Mulvany returned to Canada for the 1935 Canadian National Exhibition, directing an arts and culture exhibit on behalf of the government of the United Provinces of Agra and Oudh. The exhibit included pieces made of ivory and alabaster, plates inlaid with semi-precious stones, sandalwood boxes and Indian rugs, and visitors spent thousands of dollars on purchases. As a gift from the administration of Agra and Oudh, Mulvany presented a tiger skin to Prime Minister R. B. Bennett. She organized a Jungle Club for children in Toronto that year, with membership fees going to support Indian women and children in need, and also arranged to ship several Indian animals—such as tiger cubs—to Canada for public viewing, although within three months most of the animals had died due to illness, heat or other causes. Mulvany received a King's silver jubilee medal for her work at the Exhibition.

Mulvany moved to Singapore with Denis in 1940, and she began volunteering with the Australian Red Cross.

== Imprisonment at Changchi ==
In late 1941 the Japanese invaded Singapore, and more than 2000 civilians—including Mulvany and her husband—were subsequently imprisoned in Changi Prison. The men and women were separated, and prisoners struggled with severe hunger on a daily basis. Inspired by a poet from Newfoundland who had written about imagined feasts during the Great Depression, Mulvany began bringing together her fellow prisoners to swap remembered recipes and imagine elaborate meals and dinner menus; the exercise helped them retain hope and provided respite from the grim conditions. Mulvany scavenged the blank edges of old newspapers to write down the recipes, and eventually managed to persuade prison staff to give her two logbooks to write in.

As another way to keep busy, Mulvany also helped organize a quilt-making project amongst the women, crafting blankets that would eventually be sent to nearby prisoner-of-war hospitals. The women included their signatures and images of personal significance in each quilt square as a way to communicate to loved ones that they were still alive.

For the last six months of her imprisonment, Mulvany was kept in solitary confinement. She suffered torture by electric shocks. Upon her release when the prison was liberated in August 1945, the five-foot-seven Mulvany weighed only 85 pounds.

== Return to Canada ==
After her liberation from the prison, Mulvany went to England with her husband. She received treatment at the Bethlem Royal Hospital. Her marriage with Denis broke down after their wartime ordeal, and she returned to Canada alone, eventually going to live with her aunt's family in Toronto. She persuaded a publisher to print a compilation of the women's recipes she had kept from Changi—almost 800 in total—and eventually raised $18,000 from sales of the resulting cookbook. Mulvany used the money to buy and ship food to other former prisoners of war, sending oranges and other goods to hospitals in England. In 1961, a Maclean's interview about Mulvany's survival in Changi Prison brought her cookbook to national attention.
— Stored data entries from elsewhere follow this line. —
Lemma next_mono a b : GLH (Imp a b) -> GLH (Imp (Next a) (Next b)).
Proof.
move=> /GLH_Nec_next Hab.
have Hneg := GLH_Next_neg (And a (Neg b)).
have Hand := GLH_Next_and a (Neg b).
have Hnegb := GLH_Next_neg b.
by move: Hab Hneg Hand Hnegb; apply: (taut_MP4 GLH_normal); taut_solve.
Qed.

Lemma next_cong a b : GLH (Iff a b) -> GLH (Iff (Next a) (Next b)).
Proof.
move=> Hab; have /next_mono Hl : GLH (Imp a b) by apply: (taut_MP GLH_normal) Hab; taut_solve.
have /next_mono Hr : GLH (Imp b a) by apply: (taut_MP GLH_normal) Hab; taut_solve.
by move: Hl Hr; apply: (taut_MP2 GLH_normal); taut_solve.
Qed.

Definition nexts (k : nat) a : form PV := iter k Next a.

Lemma nexts_and k a b : GLH (Iff (nexts k (And a b)) (And (nexts k a) (nexts k b))).
Proof.
elim: k => [|k IH]; first by apply: GLH_taut; taut_solve.
move: (next_cong IH) (GLH_Next_and (nexts k a) (nexts k b)).
by apply: (taut_MP2 GLH_normal); taut_solve.
Qed.

Lemma nexts_neg k a : GLH (Iff (nexts k (Neg a)) (Neg (nexts k a))).
Proof.
elim: k => [|k IH]; first by apply: GLH_taut; taut_solve.
by move: (next_cong IH) (GLH_Next_neg (nexts k a)); apply: (taut_MP2 GLH_normal); taut_solve.
Qed.

Lemma nexts_box k a : GLH (Iff (nexts k (Box a)) (Box (nexts k a))).
Proof.
elim: k => [|k IH]; first by apply: GLH_taut; taut_solve.
by move: (next_cong IH) (GLH_H (nexts k a)); apply: (taut_MP2 GLH_normal); taut_solve.
Qed.

Fixpoint push_next (k : nat) a : form (PV * nat) :=
  match a with
  | Var p => Var (p, k)
  | And a b => And (push_next k a) (push_next k b)
  | Neg a => Neg (push_next k a)
  | Box a => Box (push_next k a)
  | Next a => push_next k.+1 a
  end.

Fixpoint unfold_vars (a : form (PV * nat)) : form PV :=
  match a with
  | Var pk => nexts pk.2 (Var pk.1)
  | And a b => And (unfold_vars a) (unfold_vars b)
  | Neg a => Neg (unfold_vars a)
  | Box a => Box (unfold_vars a)
  | Next a => Next (unfold_vars a)
  end.

Lemma GLH_push_next k a : GLH (Iff (nexts k a) (unfold_vars (push_next k a))).
Proof.
elim: a k => [p|a IHa b IHb|a IH|a IH|a IH] k /=.
- by apply: GLH_taut; taut_solve.
- by move: (nexts_and k a b) (IHa k) (IHb k); apply: (taut_MP3 GLH_normal); taut_solve.
- by move: (nexts_neg k a) (IH k); apply: (taut_MP2 GLH_normal); taut_solve.
- by move: (nexts_box k a) (box_cong GLH_normal (IH k)); apply: (taut_MP2 GLH_normal); taut_solve.
- by rewrite /nexts -iterSr; exact: (IH k.+1).
Qed.

Lemma taut_unfold_vars (a : form (PV * nat)) : taut a -> taut (unfold_vars a).
Proof. by move=> Ha v [v_and v_neg]; apply: (Ha (v \o unfold_vars)); split => * /=. Qed.

Lemma unfold_vars_normal : normal_GL (fun a : form (PV * nat) => GLH (unfold_vars a)).
Proof.
split.
- by move=> a /taut_unfold_vars /GLH_taut.
- by move=> a b /=; apply: GLH_MP.
- by move=> a b; apply: GLH_K.
- by move=> a; apply: GLH_4.
- by move=> a; apply: GLH_L.
- by move=> a; apply: GLH_Nec_box.
Qed.
End NextModality.

Lemma all_In (T : Type) (v : pred T) (l : seq T) : all v l <-> (forall x, In x l -> v x).
Proof.
elim: l => [|y l IH] //=; split.
- by move=> /andP [vy /IH vl] x [<-|/vl].
- by move=> Hl; rewrite Hl /=; [apply/IH => x Hx; apply: Hl; right|left].
Qed.

Section Consistency.
Variables (A : Type) (P : form A -> Prop) (t : form A).
Hypothesis PGL : normal_GL P.
Implicit Types (a : form A) (l m : seq (form A)).

(* There are no constants in the language, so the empty conjunction is [Imp t t]. *)
Definition bigAnd l : form A := foldr And (Imp t t) l.

Definition consistent l := ~ P (Neg (bigAnd l)).

Definition lit (b : bool) a := if b then a else Neg a.

Definition lits (bs : seq bool) (s : seq (form A)) := [seq lit p.1 p.2 | p <- zip bs s].

Lemma lit_val v b a : bool_val v -> v (lit b a) -> b = v a.
Proof. by move=> [_ v_neg]; case: b => /= [->|]; rewrite ?v_neg; case: (v a). Qed.

Lemma lits_In v bs s a : size bs = size s -> In a s -> bool_val v -> all v (lits bs s) ->
  In (lit (v a) a) (lits bs s).
Proof.
elim: s bs => [|c s IH] [|b bs] //= [Hsize] Ha Hv /andP [vb Hall].
case: Ha => [<-|Ha]; last by right; apply: IH.
by left; rewrite -(lit_val Hv vb).
Qed.

Lemma bigAnd_val v l : bool_val v -> v (bigAnd l) = all v l.
Proof.
move=> [v_and v_neg]; elim: l => [|a l IH] /=; last by rewrite v_and IH.
by rewrite /Imp v_neg v_and v_neg; case: (v t).
Qed.

Local Ltac bigAnd_taut :=
  let v := fresh "v" in let Hv := fresh "Hv" in
  move=> v Hv; rewrite /Iff /Imp !(proj2 Hv, proj1 Hv, bigAnd_val) //=;
  rewrite ?(all_cat, all_rcons) /= ?(proj2 Hv, proj1 Hv);
  repeat match goal with
  | |- context [v ?x] => case: (v x)
  | |- context [all v ?l] => case: (all v l)
  end.

Lemma taut_bigAnd_sub l m : (forall a, In a m -> In a l) -> taut (Imp (bigAnd l) (bigAnd m)).
Proof.
move=> Hml v Hv; rewrite /Imp (proj2 Hv) (proj1 Hv) (proj2 Hv) !bigAnd_val //.
by apply/negP => /andP [/all_In Hl /negP]; apply; apply/all_In => a /Hml /Hl.
Qed.

Lemma consistent_sat l : consistent l -> exists2 v, bool_val v & all v l.
Proof.
move=> Hl; apply: contrapT => Hno; apply/Hl/(GL_taut PGL) => v Hv.
by rewrite (proj2 Hv) bigAnd_val //; apply/negP => Hall; apply: Hno; exists v.
Qed.

Lemma consistent_sub l m : (forall a, In a m -> In a l) -> consistent l -> consistent m.
Proof.
move=> /taut_bigAnd_sub/(GL_taut PGL) Hlm Hl Hm; apply: Hl; move: Hlm Hm.
by apply: (taut_MP2 PGL); taut_solve.
Qed.

Lemma consistent_lit l a : consistent l -> exists b, consistent (rcons l (lit b a)).
Proof.
move=> Hl; apply: contrapT => Hno; apply: Hl.
have Hb b : P (Neg (bigAnd (rcons l (lit b a)))) by apply: contrapT => Hb; apply: Hno; exists b.
by move: (Hb true) (Hb false); apply: (taut_MP2 PGL); bigAnd_taut.
Qed.

Lemma lindenbaum l s : consistent l ->
  exists2 bs : seq bool, size bs = size s & consistent (l ++ lits bs s).
Proof.
elim: s l => [|a s IH] l Hl; first by exists [::]; rewrite // cats0.
have [b /IH [bs Hsize Hbs]] := consistent_lit a Hl.
by exists (b :: bs); rewrite /= ?Hsize // -cat_rcons.
Qed.

Lemma bigAnd_box l : P (Imp (bigAnd (map Box l)) (Box (bigAnd l))).
Proof.
elim: l => [|a l IH] /=.
  have /(GL_nec PGL) : P (Imp t t) by apply: (GL_taut PGL); taut_solve.
  by apply: (taut_MP PGL); taut_solve.
have Hpair : P (Box (Imp a (Imp (bigAnd l) (And a (bigAnd l))))).
  by apply/(GL_nec PGL)/(GL_taut PGL); taut_solve.
move: Hpair (GL_K PGL a (Imp (bigAnd l) (And a (bigAnd l))))
  (GL_K PGL (bigAnd l) (And a (bigAnd l))) IH.
by apply: (taut_MP4 PGL); taut_solve.
Qed.

Lemma bigAnd_map_imp (g h : form A -> form A) l :
  (forall a, P (Imp (g a) (h a))) -> P (Imp (bigAnd (map g l)) (bigAnd (map h l))).
Proof.
move=> Hgh; elim: l => [|a l IH] /=; first by apply: (GL_taut PGL); taut_solve.
by move: (Hgh a) IH; apply: (taut_MP2 PGL); taut_solve.
Qed.

(* The modal core of the existence lemma for the canonical model, where [l] collects the
   [b] with [Box b] true in a world refuting [Box a]; it is Löb's axiom that is needed. *)
Lemma consistent_box_witness l a :
  consistent (map Box l ++ [:: Neg (Box a)]) ->
  consistent ((l ++ map Box l) ++ [:: Box a; Neg a]).
Proof.
move=> Hl Hinc; apply: Hl; set D := l ++ map Box l.
have D_loeb : P (Imp (bigAnd D) (Imp (Box a) a)).
  by move: Hinc; apply: (taut_MP PGL); bigAnd_taut.
have boxl_boxD : P (Imp (bigAnd (map Box l)) (bigAnd (map Box D))).
  have := bigAnd_map_imp (g := Box) (h := Box \o Box) l (GL_4 PGL).
  by rewrite /D map_cat -map_comp; apply: (taut_MP PGL); bigAnd_taut.
have := imp_trans PGL (imp_trans PGL boxl_boxD (bigAnd_box D)) (box_mono PGL D_loeb).
move=> /(imp_trans PGL)/(_ (GL_L PGL a)).
by apply: (taut_MP PGL); bigAnd_taut.
Qed.
End Consistency.

Fixpoint subf {A : Type} (a : form A) : seq (form A) :=
  a :: match a with
       | Var _ => [::]
       | And b c => subf b ++ subf c
       | Neg b | Box b | Next b => subf b
       end.

Fixpoint next_free {A : Type} (a : form A) : Prop :=
  match a with
  | Var _ => True
  | And b c => next_free b /\ next_free c
  | Neg b | Box b => next_free b
  | Next _ => False
  end.

Lemma subf_refl (A : Type) (a : form A) : In a (subf a).
Proof. by case: a => *; left. Qed.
Impacted by memories of prison conditions and poverty after her return to Canada, Mulvany soon decided she wanted a new way to support craftworkers and families in India and elsewhere. She developed the Treasure Van project in 1952 in partnership with McGill University students and the World University Service of Canada (WUSC), arranging for a van full of handicrafts to visit university campuses across the country. She served as manager for the project for seven years, before handing over responsibility to the WUSC and shifting to a role on the Van's committee. The WUSC continued its affiliation with the project until 1969.

In her sixties, Mulvany returned to school and completed a Bachelor of Arts degree at Laurentian University.

== Death and legacy ==
Mulvany died in 1992, after retiring to Manitoulin Island.
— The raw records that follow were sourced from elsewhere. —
(* Let $0\le h\le q-2$ and $\lambda_0,\lambda_1\in\mathbb{F}^\times$. For any $y\in A_\infty'$ with $|y|<p^{-h}$, the equation $\big(\mathrm{id}-\lambda_0\lambda_1^{-1}T_{K,0}^{-(q-1)h}\varphi_q\big)(x)=y$ has a unique solution $x\in A_\infty'$ with $|x|<p^{-h}$, given by the convergent series $x=\sum_{n\ge0}\big(\lambda_0\lambda_1^{-1}T_{K,0}^{-(q-1)h}\varphi_q\big)^n(y)$.
   Context: $p$ odd prime, $q=p^f$, $\mathbb{F}$ a finite extension of $\mathbb{F}_p$. Let $A_\infty'=\mathbb{F}((T_{K,0}^{1/p^\infty}))\big\langle\big(T_{K,i}/T_{K,0}^{p^i}\big)^{\pm1/p^\infty},1\le i\le f-1\big\rangle$ (the completed perfect ring obtained from $\mathbb{F}((T_{K,0}))\langle (T_{K,i}/T_{K,0}^{p^i})^{\pm1},1\le i\le f-1\rangle$ with its $T_{K,0}$-adic topology). Let $\varphi$ be the continuous $\mathbb{F}$-linear endomorphism of $A_\infty'$ with $\varphi(T_{K,i})=T_{K,i+1}$ for $0\le i\le f-1$, where $T_{K,f}:=T_{K,0}^q$ (compatibly on $p$-power roots), and $\varphi_q=\varphi^f$. Let $|\cdot|$ be the unique multiplicative norm on $A_\infty'$ inducing its topology with $|T_{K,0}|=p^{-1}$. *)

From HB Require Import structures.
From mathcomp Require Import all_boot all_order all_algebra.
From mathcomp Require Import boolp classical_sets reals topology normedtype sequences exp.

Set Implicit Arguments.
Unset Strict Implicit.
Unset Printing Implicit Defensive.

Import Order.TTheory GRing.Theory Num.Theory.
Local Open Scope ring_scope.

(* Monomials are  T_{K,0}^{c_0} ... T_{K,f-1}^{c_{f-1}}  with exponents
   c_i in Z[1/p]; an exponent vector is a  seq rat  of size f.
   (Since T_{K,i} = (T_{K,i}/T_{K,0}^{p^i}) T_{K,0}^{p^i}, the T_{K,0}-adic
   order of such a monomial is its weight  sum_i p^i c_i.)
   An element of A'_infty is a coefficient function  c : seq rat -> F
   supported on exponent vectors of size f with entries in Z[1/p], such that
   for every bound N only finitely many monomials in the support have
   T_{K,0}-order < N (this is the T_{K,0}-adic completion of the perfection of
   F((T_{K,0}))<(T_{K,i}/T_{K,0}^{p^i})^{+-1}>). *)

Section Ainf.
Variables (p f : nat) (F : fieldType).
In 2013, the Manitoulin Historical Society republished her cookbook. Historian Suzanne Evans detailed Mulvany's story in The Taste of Longing: Ethel Mulvany and her Starving Prisoners of War Cookbook, which received an Ottawa Book Award for non-fiction in 2021 and the Ontario Historical Society's Donald Grant Creighton Award in 2022.

Several of the prisoners' quilts from Changchi can still be found in museums in Australia and the United Kingdom.